De Zeloten plegen massaal zelfmoord in Massada
In 70 na Chr. bereikt het Romeinse leger de citadel van Massada, gelegen op een rots bij de Dode Zee. In de citadel schuilt een groep van 960 Zeloten voor de Romeinse agressor. Drie jaar lang houden ze stand en weerstaan ze elke Romeinse aanval. Op 15 april 73 moeten de Zeloten er dan toch aan geloven, de Romeinen dringen naar binnen. In plaats van door te vechten, plegen de Zeloten massaal zelfmoord.
Vroeger dacht men dat de groepering van de Zeloten gesticht was door Judas de Galileeër. Deze aanname stamt af van de contemporaine Joodse schrijver Josephus (37–100). Recentelijk denken historici steeds meer dat Josephus de feiten vervormde, onder meer om de anti-Romeinse sentimenten onder Joden weg te moffelen. Hoe de beweging dan wel precies begon is niet duidelijk. Er was alleen gedurende de Joodse Opstand (66 -76 na Chr.) sprake van een centrale organisatie.

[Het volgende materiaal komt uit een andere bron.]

Lemma equilibrium_stable : 0 < fst xb < B1 ->
  forall eps, 0 < eps -> exists delta, 0 < delta /\ forall x, solution B1 B2 f1 f2 x ->
    dist2 (x 0) xb < delta -> forall t, 0 <= t -> dist2 (x t) xb < eps.
Proof.
  intros Hint eps He.
  destruct (upper_trap_box _ _ _ _ Hf xb Hxb Huniq (eps / 2) ltac:(lra) (proj2 Hint))
    as [U [HU1 [HU2 HU]]].
  destruct (upper_trap_box _ _ _ _ mirror_cooperative _ mirror_equilibrium
              mirror_equilibrium_unique (eps / 2) ltac:(lra) ltac:(simpl; lra))
    as [V [HV1 [HV2 HV]]].
  simpl in HV1, HV2. set (L := mirror B1 B2 V).
  assert (HLV : mirror B1 B2 L = V) by apply mirror_involutive. rewrite <- HLV in HV.
  assert (HL : fst xb - eps / 2 < fst L < fst xb /\ snd xb - eps / 2 < snd L < snd xb)
    by (unfold L; simpl; lra).
  clearbody L.
  set (delta := Rmin (Rmin (fst U - fst xb) (snd U - snd xb)) (Rmin (fst xb - fst L) (snd xb - snd L))).
  assert (Hdelta : 0 < delta /\ delta <= fst U - fst xb /\ delta <= snd U - snd xb /\
                   delta <= fst xb - fst L /\ delta <= snd xb - snd L).
  { unfold delta.
    pose proof (Rmin_l (Rmin (fst U - fst xb) (snd U - snd xb)) (Rmin (fst xb - fst L) (snd xb - snd L))).
    pose proof (Rmin_r (Rmin (fst U - fst xb) (snd U - snd xb)) (Rmin (fst xb - fst L) (snd xb - snd L))).
    pose proof (Rmin_l (fst U - fst xb) (snd U - snd xb)). pose proof (Rmin_r (fst U - fst xb) (snd U - snd xb)).
    pose proof (Rmin_l (fst xb - fst L) (snd xb - snd L)). pose proof (Rmin_r (fst xb - fst L) (snd xb - snd L)).
    split; [repeat apply Rmin_glb_lt; lra | lra]. }
  clearbody delta. exists delta. split; [apply Hdelta|].
  intros x Hx Hx0 t Ht.
  pose proof (Rabs_fst_le_dist2 (x 0) xb) as D1. pose proof (Rabs_snd_le_dist2 (x 0) xb) as D2.
  assert (A1 : Rabs (fst (x 0) - fst xb) < delta) by lra.
  assert (A2 : Rabs (snd (x 0) - snd xb) < delta) by lra.
  apply Rabs_def2 in A1. apply Rabs_def2 in A2.
  destruct (solution_stays_between _ _ _ _ x L U Hx HU HV ltac:(lra) ltac:(lra) t Ht).
  apply dist2_lt_of_lt; apply Rabs_def1; lra.
Qed.
Lemma support_indicator_sparse n Q : 3 <= n -> Q \in sparse_supports n ->
  support (indicator n Q) = Q.
Proof.
move=> n_ge3 /sparse_supportsP/(sparse_support_sorted n_ge3)[sorted_Q lt_Q].
exact: support_indicator.
Qed.

Lemma mem_candidates n w : 3 <= n -> (w \in candidates n) = (size w == n) && candidate n w.
Proof.
move=> n_ge3; apply/idP/andP => [|[/eqP size_w]].
  rewrite mem_cat => /orP[|]; first by rewrite mem_seq2 => /orP[]/eqP->;
    rewrite size_alternating candidate_alternating.
  rewrite mem_cat => /orP[]/mapP[Q sp_Q ->]; rewrite ?size_compl size_indicator ?candidate_compl.
  1,2: by rewrite /candidate support_indicator_sparse // sp_Q !orbT.
rewrite !mem_cat mem_seq2.
case/or4P => [/eqP->|/eqP->|sp_w|sp_cw]; rewrite ?eqxx ?orbT //; apply/orP; right; apply/orP.
  by left; apply/mapP; exists (support w); rewrite // -size_w indicator_support.
right; apply/mapP; exists (support (compl w)) => //.
by rewrite -size_w -(size_compl w) indicator_support complK.
Qed.

Lemma uniq_candidates n : 12 <= n -> uniq (candidates n).
Proof.
move=> n_ge12; have n_ge3 : 3 <= n by lia.
have count_ind Q : Q \in sparse_supports n -> count id (indicator n Q) <= 3.
  by move=> sp_Q; apply: (count_sparse (n := n)); rewrite support_indicator_sparse.
have count_cind Q : Q \in sparse_supports n -> n - 3 <= count id (compl (indicator n Q)).
  by move=> sp_Q; have := count_ind Q sp_Q; rewrite count_compl size_indicator; lia.
have ind_inj : {in sparse_supports n &, injective (indicator n)}.
  by move=> P Q sp_P sp_Q /(congr1 support); rewrite !support_indicator_sparse.
have count_alt b := count_alternating b n.
rewrite /candidates cat_uniq; apply/and3P; split.
- rewrite /= mem_seq1 ?andbT; apply/eqP => /(congr1 (nth false ^~ 0)).
  by rewrite !nth_alternating //; lia.
- apply/hasPn => x; rewrite mem_cat mem_seq2 => /orP[] /mapP[Q sp_Q ->];
    apply/negP => /orP[] /eqP /(congr1 (count id));
    move: (count_alt false) (count_alt true) (count_ind Q sp_Q) (count_cind Q sp_Q) => /=; lia.
have cind_inj : {in sparse_supports n &, injective (fun Q => compl (indicator n Q))}.
  by move=> P Q sp_P sp_Q /(can_inj complK); apply: ind_inj.
rewrite cat_uniq (map_inj_in_uniq ind_inj) (map_inj_in_uniq cind_inj) uniq_sparse_supports.
  rewrite andbT; apply/hasPn => x /mapP[P sp_P ->]; apply/mapP => -[Q sp_Q /(congr1 (count id))].
  by move: (count_ind Q sp_Q) (count_cind P sp_P); lia.
lia.
Qed.

Lemma has_card_A n : 12 <= n -> has_card (A n) (size (sparse_supports n)).*2.+2.
Proof.
move=> n_ge12; exists (candidates n); split.
- exact: uniq_candidates.
- by rewrite /candidates !size_cat !size_map -addnn.
move=> w; rewrite mem_candidates; last lia.
split=> [/andP[/eqP size_w cand_w]|[size_w /(avoids_antipower3_candidate n_ge12 size_w) ->]].
  by split=> //; apply/(avoids_antipower3_candidate n_ge12 size_w).
by rewrite size_w eqxx.
Qed.

Lemma A_Cl n w : 12 <= n -> A n w <-> Cl n (L_of n) w.
Proof.
move=> n_ge12; split=> [[size_w /(avoids_antipower3_candidate n_ge12 size_w) cand_w]|].
  by apply: candidate_Cl size_w cand_w; lia.
move=> /Cl_candidate[|size_w cand_w]; first lia.
by split=> //; apply/(avoids_antipower3_candidate n_ge12 size_w).
Qed.

Theorem corollary5 (k : nat) : 6 <= k ->
  (forall w, A (3 * k) w <-> Cl (3 * k) L0 w) /\
      (forall w, A (3 * k + 1) w <-> Cl (3 * k + 1) L1 w) /\
      (forall w, A (3 * k + 2) w <-> Cl (3 * k + 2) L2 w) /\
      has_card (A (3 * k)) (6 * k + 12) /\
      has_card (A (3 * k + 1)) (6 * k + 16) /\
      has_card (A (3 * k + 2)) (6 * k + 26).
Proof.
move=> k_ge6.
have mod0 : (3 * k) %% 3 = 0 by lia.
have mod1 : (3 * k + 1) %% 3 = 1 by lia.
have mod2 : (3 * k + 2) %% 3 = 2 by lia.
have card n N : 12 <= n -> N = (size (sparse_supports n)).*2.+2 -> has_card (A n) N.
  by move=> n_ge12 ->; apply: has_card_A.
split; first by move=> w; have := @A_Cl (3 * k) w; rewrite /L_of mod0; apply; lia.
split; first by move=> w; have := @A_Cl (3 * k + 1) w; rewrite /L_of mod1; apply; lia.
split; first by move=> w; have := @A_Cl (3 * k + 2) w; rewrite /L_of mod2; apply; lia.
by do ?split; apply: card; rewrite ?size_sparse_supports ?mod0 ?mod1 ?mod2 /=; lia.
Qed.
(* Let $T$ be a finite semi-simplicial triangulation of a compact surface, possibly with boundary, and let $\Delta: E(T) \to \mathbb{R}$ satisfy: (1) $\Delta(e) > 0$ for all $e \in E(T)$; (2) for every set of faces $\mathcal{F} \subseteq F(T)$, writing $E(\mathcal{F})$ for the set of edges incident to some face in $\mathcal{F}$, $\sum_{e \in E(\mathcal{F})} \Delta(e) \ge \pi |\mathcal{F}|$, with equality if and only if $\mathcal{F} = F(T)$ or $E(\mathcal{F}) = \emptyset$. Consider the linear program in real variables $u_t$ ($t \in F(T)$), $v_e$ ($e \in E(T)$): maximize $$F(\mathbf{u},\mathbf{v}) = \pi \sum_{t \in F(T)} u_t + \sum_{e \in E(T)} \Delta(e) v_e$$ subject to $u_t + v_e \le 0$ whenever $e$ is an edge of $t$, and $$3\sum_{t \in F(T)} u_t + 2\sum_{e \in E(T),\, e \notin \partial T} v_e + \sum_{e \in E(T),\, e \in \partial T} v_e \le -1 .$$ Then the optimal value of the objective of this program is strictly negative.
   Context: A semi-simplicial triangulation is one in which distinct closed cells may intersect in a collection of lower-dimensional cells; $E(T)$, $F(T)$ denote edges and faces of $T$, and $e \in \partial T$ means $e$ is a boundary edge (incident to only one face). *)

From HB Require Import structures.
From mathcomp Require Import all_boot all_order all_algebra.
From mathcomp Require Import reals trigo.
Set Implicit Arguments. Unset Strict Implicit. Unset Printing Implicit Defensive.
Import Order.TTheory GRing.Theory Num.Theory.
Local Open Scope ring_scope.

(* A finite semi-simplicial triangulation is described combinatorially by its
   finite set of faces F, finite set of edges E, and the map [side t i] giving
   the i-th side (i < 3) of the triangular face t.  Sides are counted with
   multiplicity (a semi-simplicial face may have two sides glued to the same edge). *)

Definition ninc (F E : finType) (side : F -> 'I_3 -> E) (e : E) : nat :=
  #|[set p : F * 'I_3 | side p.1 p.2 == e]|.

Definition is_boundary (F E : finType) (side : F -> 'I_3 -> E) (e : E) : bool :=
  ninc side e == 1%N.

Definition surface_triangulation (F E : finType) (side : F -> 'I_3 -> E) : Prop :=
  (0 < #|F|)%N /\ forall e : E, ninc side e = 1%N \/ ninc side e = 2%N.

Definition edges_of (F E : finType) (side : F -> 'I_3 -> E) (A : {set F}) : {set E} :=
  [set e | [exists t in A, exists i : 'I_3, side t i == e]].

Definition admissible_angles (R : realType) (F E : finType) (side : F -> 'I_3 -> E)
    (Delta : E -> R) : Prop :=
  (forall e, 0 < Delta e) /\
  (forall A : {set F},
     pi * (#|A|%:R) <= \sum_(e in edges_of side A) Delta e /\
     (\sum_(e in edges_of side A) Delta e = pi * (#|A|%:R) <->
        A = setT \/ edges_of side A = set0)).

Definition lp_feasible (R : realType) (F E : finType) (side : F -> 'I_3 -> E)
    (u : F -> R) (v : E -> R) : Prop :=
  (forall (t : F) (i : 'I_3), u t + v (side t i) <= 0) /\
  3%:R * (\sum_(t : F) u t)
    + 2%:R * (\sum_(e : E | ~~ is_boundary side e) v e)
    + \sum_(e : E | is_boundary side e) v e <= -1.

Definition lp_objective (R : realType) (F E : finType) (Delta : E -> R)
    (u : F -> R) (v : E -> R) : R :=
  pi * (\sum_(t : F) u t) + \sum_(e : E) Delta e * v e.

From HB Require Import structures.
From mathcomp Require Import all_boot all_order all_algebra.
From mathcomp Require Import reals trigo ring lra.
Set Implicit Arguments. Unset Strict Implicit. Unset Printing Implicit Defensive.
Import Order.TTheory GRing.Theory Num.Theory.
Local Open Scope ring_scope.

(* The directions (u, v) with u_t + v_e <= 0 on every side form a cone which,
   modulo the line spanned by (1, -1), is generated by the rays (0, -1_e) for
   edges e and (-1_B, 1_{edges all of whose faces lie in B}) for face sets B;
   the objective vanishes on that line because sum Delta = pi |F|.  The
   normalising constraint reads K(u, v) <= -1, where K is the sum of all the
   side constraints, so the optimum is the largest ratio obj / (-K) over the
   rays with K < 0, attained at a rescaled ray.  Hypothesis (2) makes the
   objective nonpositive on every ray and zero only on rays with K = 0, so this
   ratio is negative. *)

Lemma exists_max_ratio (R : realFieldType) (C : finType) (f k : C -> R) (c0 : C) :
  0 < k c0 -> (forall c, 0 <= k c) -> (forall c, f c <= 0) ->
  (forall c, f c = 0 -> k c = 0) ->
  exists2 c, 0 < k c & f c < 0 /\ forall c', f c' <= f c / k c * k c'.
Proof.
move=> kc0 k_ge0 f_le0 f_eq0.
have [c kc c_max] := @arg_maxP _ _ _ c0 (fun c => 0 < k c) (fun c => f c / k c) kc0.
exists c => //; split.
  by rewrite lt_def f_le0 andbT eq_sym; apply: contraTneq kc => /f_eq0 ->; rewrite ltxx.
move=> c'; have := k_ge0 c'; rewrite le0r => /orP [/eqP ->|kc'].
  by rewrite mulr0 f_le0.
by rewrite -ler_pdivrMr //; exact: c_max.
Qed.

Section Cone.
Variables (R : realFieldType) (F E : finType) (side : F -> 'I_3 -> E).
Implicit Types (a u : F -> R) (b v : E -> R) (A B : {set F}).

Definition pairing a b u v : R := \sum_t a t * u t + \sum_e b e * v e.

Lemma pairing_sub a b u v u' v' d :
  pairing a b (fun t => u t - d * u' t) (fun e => v e - d * v' e) =
  pairing a b u v - d * pairing a b u' v'.
Proof.
rewrite /pairing (eq_bigr (fun t => a t * u t - d * (a t * u' t))) => [|t _]; last by ring.
rewrite (eq_bigr (fun e => b e * v e - d * (b e * v' e))) => [|e _]; last by ring.
by rewrite !sumrB -!mulr_sumr; ring.
Qed.

Lemma pairingZ a b k u v :
  pairing a b (fun t => k * u t) (fun e => k * v e) = k * pairing a b u v.
Proof.
rewrite /pairing (eq_bigr (fun t => k * (a t * u t))) => [|t _]; last by ring.
rewrite (eq_bigr (fun e => k * (b e * v e))) => [|e _]; last by ring.
by rewrite -!mulr_sumr mulrDr.
Qed.

Lemma pairing_combine a1 b1 a2 b2 r u v :
  pairing (fun t => a1 t + r * a2 t) (fun e => b1 e + r * b2 e) u v =
  pairing a1 b1 u v + r * pairing a2 b2 u v.
Proof.
rewrite /pairing (eq_bigr (fun t => a1 t * u t + r * (a2 t * u t))) => [|t _]; last by ring.
rewrite (eq_bigr (fun e => b1 e * v e + r * (b2 e * v e))) => [|e _]; last by ring.
by rewrite !big_split -!mulr_sumr /=; ring.
Qed.

Definition side_cone u v := forall t i, u t + v (side t i) <= 0.

Lemma side_coneZ k u v :
  0 <= k -> side_cone u v -> side_cone (fun t => k * u t) (fun e => k * v e).
Proof. by move=> k_ge0 uv t i; rewrite -mulrDr mulr_ge0_le0. Qed.

Definition ray_u (c : {set F} + E) (t : F) : R :=
  if c is inl B then - (t \in B)%:R else 0.

Definition ray_v (c : {set F} + E) (e : E) : R :=
  match c with
  | inl B => (e \notin edges_of side (~: B))%:R
  | inr e0 => - (e == e0)%:R
  end.

Lemma mem_edges_of A t i : t \in A -> side t i \in edges_of side A.
Proof.
by move=> tA; rewrite inE; apply/existsP; exists t; rewrite tA; apply/existsP; exists i.
Qed.

Lemma side_cone_ray c : side_cone (ray_u c) (ray_v c).
Proof.
move=> t i; case: c => [B|e0] /=; last by rewrite add0r oppr_le0.
have [tB|tB] := boolP (t \in B).
  by case: (_ \notin _); rewrite ?addNr ?addr0 ?oppr_le0.
by rewrite (@mem_edges_of (~: B)) ?inE //= oppr0 add0r.
Qed.

Lemma pairing_edge_ray a b e : pairing a b (ray_u (inr e)) (ray_v (inr e)) = - b e.
Proof.
rewrite /pairing big1 => [|t _]; last by rewrite mulr0.
rewrite add0r (bigD1 e) //= eqxx mulrN1 big1 ?addr0 // => e' /negbTE ->.
by rewrite oppr0 mulr0.
Qed.

Lemma side_cone_sub_ray u v B d :
  side_cone u v -> (forall t t', t \in B -> t' \notin B -> u t + d <= u t') ->
  side_cone (fun t => u t - d * ray_u (inl B) t) (fun e => v e - d * ray_v (inl B) e).
Proof.
move=> uv low t i /=; have := uv t i.
have [tB|tB] := boolP (t \in B); last first.
  by rewrite (@mem_edges_of (~: B)) ?inE //= oppr0 !mulr0 !subr0.
have [e_in|_] := boolP (side t i \in edges_of side (~: B)); last by rewrite /= mulr1n; lra.
move: e_in; rewrite inE => /existsP [t' /andP [t'B /existsP [i' /eqP <-]]].
have := uv t' i'; have := low t t' tB; rewrite -in_setC t'B => /(_ isT).
by rewrite /= mulr1n mulr0; lra.
Qed.

Section ConeBound.
Variables (a : F -> R) (b : E -> R).
Hypothesis cover : forall e, exists t i, side t i = e.
Hypothesis balanced : \sum_t a t = \sum_e b e.
Hypothesis ray_le0 : forall c, pairing a b (ray_u c) (ray_v c) <= 0.

Lemma pairing_le0_const u v mu :
  (forall t, u t = mu) -> side_cone u v -> pairing a b u v <= 0.
Proof.
move=> u_mu uv; rewrite /pairing (eq_bigr (fun t => a t * mu)) => [|t _]; last by rewrite u_mu.
rewrite -mulr_suml balanced mulr_suml -big_split /=.
apply: sumr_le0 => e _; rewrite -mulrDr; apply: mulr_ge0_le0.
  by rewrite -oppr_le0 -(pairing_edge_ray a) ray_le0.
by have [t [i <-]] := cover e; rewrite -(u_mu t) uv.
Qed.

(* Raising the faces at or below [mu] to the next level of [u] subtracts a
   positive multiple of the ray [inl (~: A)]. *)
Lemma pairing_le0_above n u v mu :
  (forall t, mu <= u t) -> (#|[set t | (mu < u t)%R]| <= n)%N ->
  side_cone u v -> pairing a b u v <= 0.
Proof.
elim: n u v mu => [|n IHn] u v mu mu_le; set A := [set t | mu < u t] => A_le uv.
  apply: (@pairing_le0_const _ _ mu) => // t; apply/eqP; rewrite eq_le mu_le andbT.
  have: t \notin A by move: A_le; rewrite leqn0 cards_eq0 => /eqP A0; rewrite A0 inE.
  by rewrite inE leNgt.
have [A0|[t1 t1A]] := set_0Vmem A; first by apply: (IHn _ _ mu); rewrite // -/A A0 cards0.
have [t2 t2A t2_min] : exists2 t2, t2 \in A & forall t, t \in A -> u t2 <= u t.
  by case: (arg_minP u t1A) => t2; exists t2.
have mu_t2 : mu < u t2 by rewrite inE in t2A.
pose d := u t2 - mu.
pose u' t := u t - d * ray_u (inl (~: A)) t.
pose v' e := v e - d * ray_v (inl (~: A)) e.
have low t t' : t \in ~: A -> t' \notin ~: A -> u t + d <= u t'.
  rewrite !in_setC negbK => tA /t2_min; move: tA; rewrite inE -leNgt /d; lra.
have uv' : side_cone u' v' by apply: side_cone_sub_ray.
have -> : pairing a b u v = pairing a b u' v' + d * pairing a b (ray_u (inl (~: A))) (ray_v (inl (~: A))).
  by rewrite pairing_sub subrK.
have d_ge0 : 0 <= d by rewrite subr_ge0 ltW.
rewrite -[0]addr0; apply: lerD; last exact: mulr_ge0_le0.
apply: (IHn _ _ (u t2)) => //.
  move=> t; rewrite /u' /= !inE; have [tA|_] := boolP (mu < u t); rewrite /=.
    by have := t2_min t; rewrite inE => /(_ tA); lra.
  by have := mu_le t; rewrite /d; lra.
have sub : [set t | u t2 < u' t] \subset A :\ t2.
  apply/subsetP => t; rewrite !inE /u' /= !inE; have [tA|tA] := boolP (mu < u t).
    by rewrite /= andbT; apply: contraTneq => ->; lra.
  by rewrite -leNgt in tA; rewrite /= andbF /d; lra.
apply: leq_trans (subset_leq_card sub) _.
by move: A_le; rewrite (cardsD1 t2 A) t2A.
Qed.

Lemma pairing_le0_cone u v : side_cone u v -> pairing a b u v <= 0.
Proof.
have [mu mu_le] : exists mu, forall t, mu <= u t.
  case: (pickP (@predT F)) => [t0 _|F0]; last by exists 0 => t; have := F0 t.
  have [tm _ tm_min] := @arg_minP _ _ _ t0 xpredT u isT.
  by exists (u tm) => t; apply: tm_min.
by move=> uv; apply: (pairing_le0_above mu_le (max_card _)).
Qed.

End ConeBound.
End Cone.

Arguments ray_u {R F E} c t.
Arguments ray_v {R F E} side c e.

Section Triangulation.
Variables (R : realType) (F E : finType) (side : F -> 'I_3 -> E) (Delta : E -> R).
Implicit Types (u : F -> R) (v : E -> R).

Lemma sum_over_sides (g : E -> R) :
  \sum_(p : F * 'I_3) g (side p.1 p.2) = \sum_e (ninc side e)%:R * g e.
Proof.
rewrite (partition_big (fun p : F * 'I_3 => side p.1 p.2) xpredT) //=.
apply: eq_bigr => e _; rewrite (eq_bigr (fun _ => g e)) => [|p /eqP -> //].
rewrite sumr_const mulr_natl /ninc; congr (_ *+ _).
by apply: eq_card => p; rewrite !inE.
Qed.

Lemma sum_ninc : \sum_e (ninc side e)%:R = 3%:R * #|F|%:R :> R.
Proof.
under eq_bigr do rewrite -[_%:R]mulr1.
by rewrite -(sum_over_sides (fun=> 1)) sumr_const card_prod card_ord natrM mulrC.
Qed.

Definition corner_form : (F -> R) -> (E -> R) -> R :=
  pairing (fun=> 3%:R) (fun e => (ninc side e)%:R).

Lemma corner_formE u v :
  corner_form u v = \sum_(p : F * 'I_3) (u p.1 + v (side p.1 p.2)).
Proof.
rewrite big_split /= sum_over_sides -(pair_big xpredT xpredT (fun t _ => u t)) /=.
congr (_ + _); apply: eq_bigr => t _.
by rewrite sumr_const card_ord mulr_natl.
Qed.

Lemma corner_form_le0 u v : side_cone side u v -> corner_form u v <= 0.
Proof. by move=> uv; rewrite corner_formE sumr_le0 // => p _; apply: uv. Qed.

Lemma lp_objectiveE u v : lp_objective Delta u v = pairing (fun=> pi) Delta u v.
Proof. by rewrite /lp_objective /pairing mulr_sumr. Qed.

Hypothesis surface : surface_triangulation side.

Lemma ninc_gt0 e : (0 < ninc side e)%N.
Proof. by case: surface => _ /(_ e) [] ->. Qed.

IJverig voor de heiligheid
De naam ‘zeloot’ betekent ‘ijveraar’, afkomstig van het Griekse zèlootès. Ze zagen zichzelf als ijverig voor de heiligheid van god. Niemand behalve god werd door hen erkend als autoriteit. Ook het keizerlijk gezag en de Romeinse overheersing werden dus niet erkend. Ze weigerden belasting te betalen en vormden guerilla-achtige groepjes om de bezetter te bestrijden. Onder de Zeloten viel een nog extremere groep te onderscheiden: de Sicariërs. Deze pleegden regelmatig aanslagen met een dolk op romein-vriendelijke Joden.
De verovering
Nadat Jeruzalem in Romeinse handen viel in 70 na Christus, schuilden 960 Zeloten in de citadel van Massada. Ze stonden onder leiding van de zeloot Elazar ben Yair. Het tiende legioen van de Romeinen nam de taak op zich om de citadel te veroveren. Drie jaar lang lukte het niet, de Zeloten wisten de belagers telkens van zich af te slaan. In 73, met behulp van een grote en sterke ram, beukten de Romeinen eindelijk door de muren van het fort. Ze troffen alleen nog lijken aan; de Zeloten hadden massaal zelfmoord gepleegd – mannen, vrouwen en kinderen. Tegenwoordig staat de term ‘zeloot’ voor iemand die fanatiek ijvert voor religieuze denkbeelden. Een afgeleid woord is ‘zelotisme’, synoniem voor religieuze dweepzucht.